O presidente comunica que o Litoral do Paraná tem em torno de 3 mil profissionais de enfermagem, entre técnicos, enfermeiros e auxiliares de enfermagem. Segundo ele, na sexta-feira (9) haverá outra mobilização, às 9h, em frente ao HRL. Na mesma data, estão marcados protestos em todo o Brasil reivindicando a aplicação da lei.

Os profissionais sairão do hospital e caminharão pelas ruas do centro de Paranaguá, buscando sensibilizar a população para a questão da categoria. “A enfermagem é a única categoria dos trabalhadores que está desde o nascimento até a morte do paciente. É uma classe que precisa de respeito, de atenção. Muitos têm que trabalhar em dois, três lugares para poder ter uma renda que traga dignidade para sua família”, comenta.

SINDESP também esteve presente no protesto. Foto: Divulgação

Profissionais precisam trabalhar em até 3 empregos

Ele fala sobre a importância do piso salarial para que os profissionais possam ter a tranquilidade de sustentar sua família com apenas um emprego. “Lidamos com seres humanos, com vidas, onde um erro pode causar morte, e temos que trabalhar em até 3 empregos para levar uma renda digna. Isso causa cansaço físico e mental que pode levar ao erro. Com a garantia do piso, o profissional poderá exercer sua função de forma tranquila”, afirma.

A técnica de enfermagem Tatiane Garcia Batista foi uma das participantes da manifestação desta quarta. Ela relembra a luta de, pelo menos, 15 anos da classe profissional para a conquista do piso.

Esperávamos que fosse realmente verdade que iríamos ter um salário digno, porque o que ganhamos é muito pouco pelo que passamos psicologicamente e fisicamente. Na pandemia viramos heróis no mundo todo, e agora somos taxados como palhaços, porque foi uma grande palhaçada o que fizeram”, lamenta.

Ela confessa que os profissionais sonhavam com o piso salarial, já que muitos têm que trabalhar em até três empregos para ter uma renda que garanta um pouco de conforto para suas famílias. “Acho que essa é a profissão mais mal paga e trabalhamos muito. Quando saiu nossa lei, foi a realização de um sonho que todos sonhavam, iríamos poder viver, poderíamos ficar em um emprego só. Mas tem horas que a gente pensa que caminhou tanto para acabar aqui. Nosso apelo é para que a enfermagem continue lutando, porque esperamos que o STF volte atrás”, finaliza.

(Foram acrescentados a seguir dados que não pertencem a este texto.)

(* Let $G, G'$ be two distinct spanning trees of $K_{n,d}$ and let $e\in G$, $e'\in G'$ be edges such that $G\setminus e = G'\setminus e' = H$. Let the two connected components of $H$ have vertex sets $I^{(1)}\sqcup \bar J^{(1)}$ and $I^{(2)}\sqcup \bar J^{(2)}$ (with $I^{(k)}\subseteq[n]$, $\bar J^{(k)}\subseteq[\bar d]$). Then $G$ and $G'$ are compatible if and only if either ($e$ joins a vertex of $I^{(1)}$ to a vertex of $\bar J^{(2)}$ and $e'$ joins a vertex of $I^{(2)}$ to a vertex of $\bar J^{(1)}$) or ($e$ joins $I^{(2)}$ to $\bar J^{(1)}$ and $e'$ joins $I^{(1)}$ to $\bar J^{(2)}$). In particular, if $G$ and $G'$ are compatible then $e$ and $e'$ share no vertex.
   Context: Fix positive integers $n,d$. $K_{n,d}$ denotes the complete bipartite graph with left vertex set $[n]=\{1,\dots,n\}$ and right vertex set $[\bar d]=\{\bar 1,\dots,\bar d\}$; all graphs considered are subgraphs of $K_{n,d}$ (identified with their edge sets). Two acyclic subgraphs $G,G'$ of $K_{n,d}$ are called compatible if whenever both $G$ and $G'$ contain a perfect matching between the same pair of vertex sets $I\subseteq[n]$ and $\bar J\subseteq[\bar d]$, these two matchings are equal. *)

From mathcomp Require Import all_boot.
Set Implicit Arguments. Unset Strict Implicit. Unset Printing Implicit Defensive.

(* Left vertices [n] are 'I_n, right vertices [\bar d] are 'I_d.
   A subgraph of K_{n,d} is identified with its edge set, a set of pairs
   (i, j) meaning the edge {i, \bar j}. *)
Definition edge (n d : nat) := ('I_n * 'I_d)%type.
Definition graph (n d : nat) := {set edge n d}.
Definition vertex (n d : nat) := ('I_n + 'I_d)%type.

Definition adj n d (G : graph n d) : rel (vertex n d) :=
  fun u v => match u, v with
             | inl i, inr j => (i, j) \in G
             | inr j, inl i => (i, j) \in G
             | _, _ => false
             end.

Definition acyclic n d (G : graph n d) : Prop :=
  forall p : seq (vertex n d), uniq p -> 3 <= size p -> ~~ cycle (adj G) p.

Definition connected_graph n d (G : graph n d) : Prop :=
  forall u v : vertex n d, connect (adj G) u v.

Definition spanning_tree n d (G : graph n d) : Prop :=
  acyclic G /\ connected_graph G.

Definition vset n d (I : {set 'I_n}) (J : {set 'I_d}) : {set vertex n d} :=
  [set inl i | i in I] :|: [set inr j | j in J].

Definition is_component n d (H : graph n d) (S : {set vertex n d}) : Prop :=
  exists2 x, x \in S & S = [set y | connect (adj H) x y].

Definition perfect_matching n d (I : {set 'I_n}) (J : {set 'I_d})
  (M : graph n d) : Prop :=
  [/\ M \subset setX I J,
      forall i, i \in I -> #|[set e in M | e.1 == i]| = 1
    & forall j, j \in J -> #|[set e in M | e.2 == j]| = 1].

Definition compatible n d (G G' : graph n d) : Prop :=
  forall (I : {set 'I_n}) (J : {set 'I_d}) (M M' : graph n d),
    M \subset G -> M' \subset G' ->
    perfect_matching I J M -> perfect_matching I J M' -> M = M'.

Como seria pago o novo piso?

Por força da Emenda Constitucional 124, promulgada em meados de julho, a União, os Estados, o Distrito Federal e os Municípios teriam até o fim do atual exercício financeiro para ajustar as remunerações e os respectivos planos de carreira de seus profissionais. No momento, apenas instituições privadas e filantrópicas e municípios que tivessem disponibilidade orçamentária deveriam aderir ao novo piso.

Já as instituições federais e nacionais só pagariam os salários reajustados após as eleições de 2022, devido às restrições da Lei Eleitoral. Durante o período, não são permitidos reajustes orçamentários, e o fim do pleito acontece no final do ano fiscal, ou seja, os novos valores deveriam começar a valer a partir de 2023.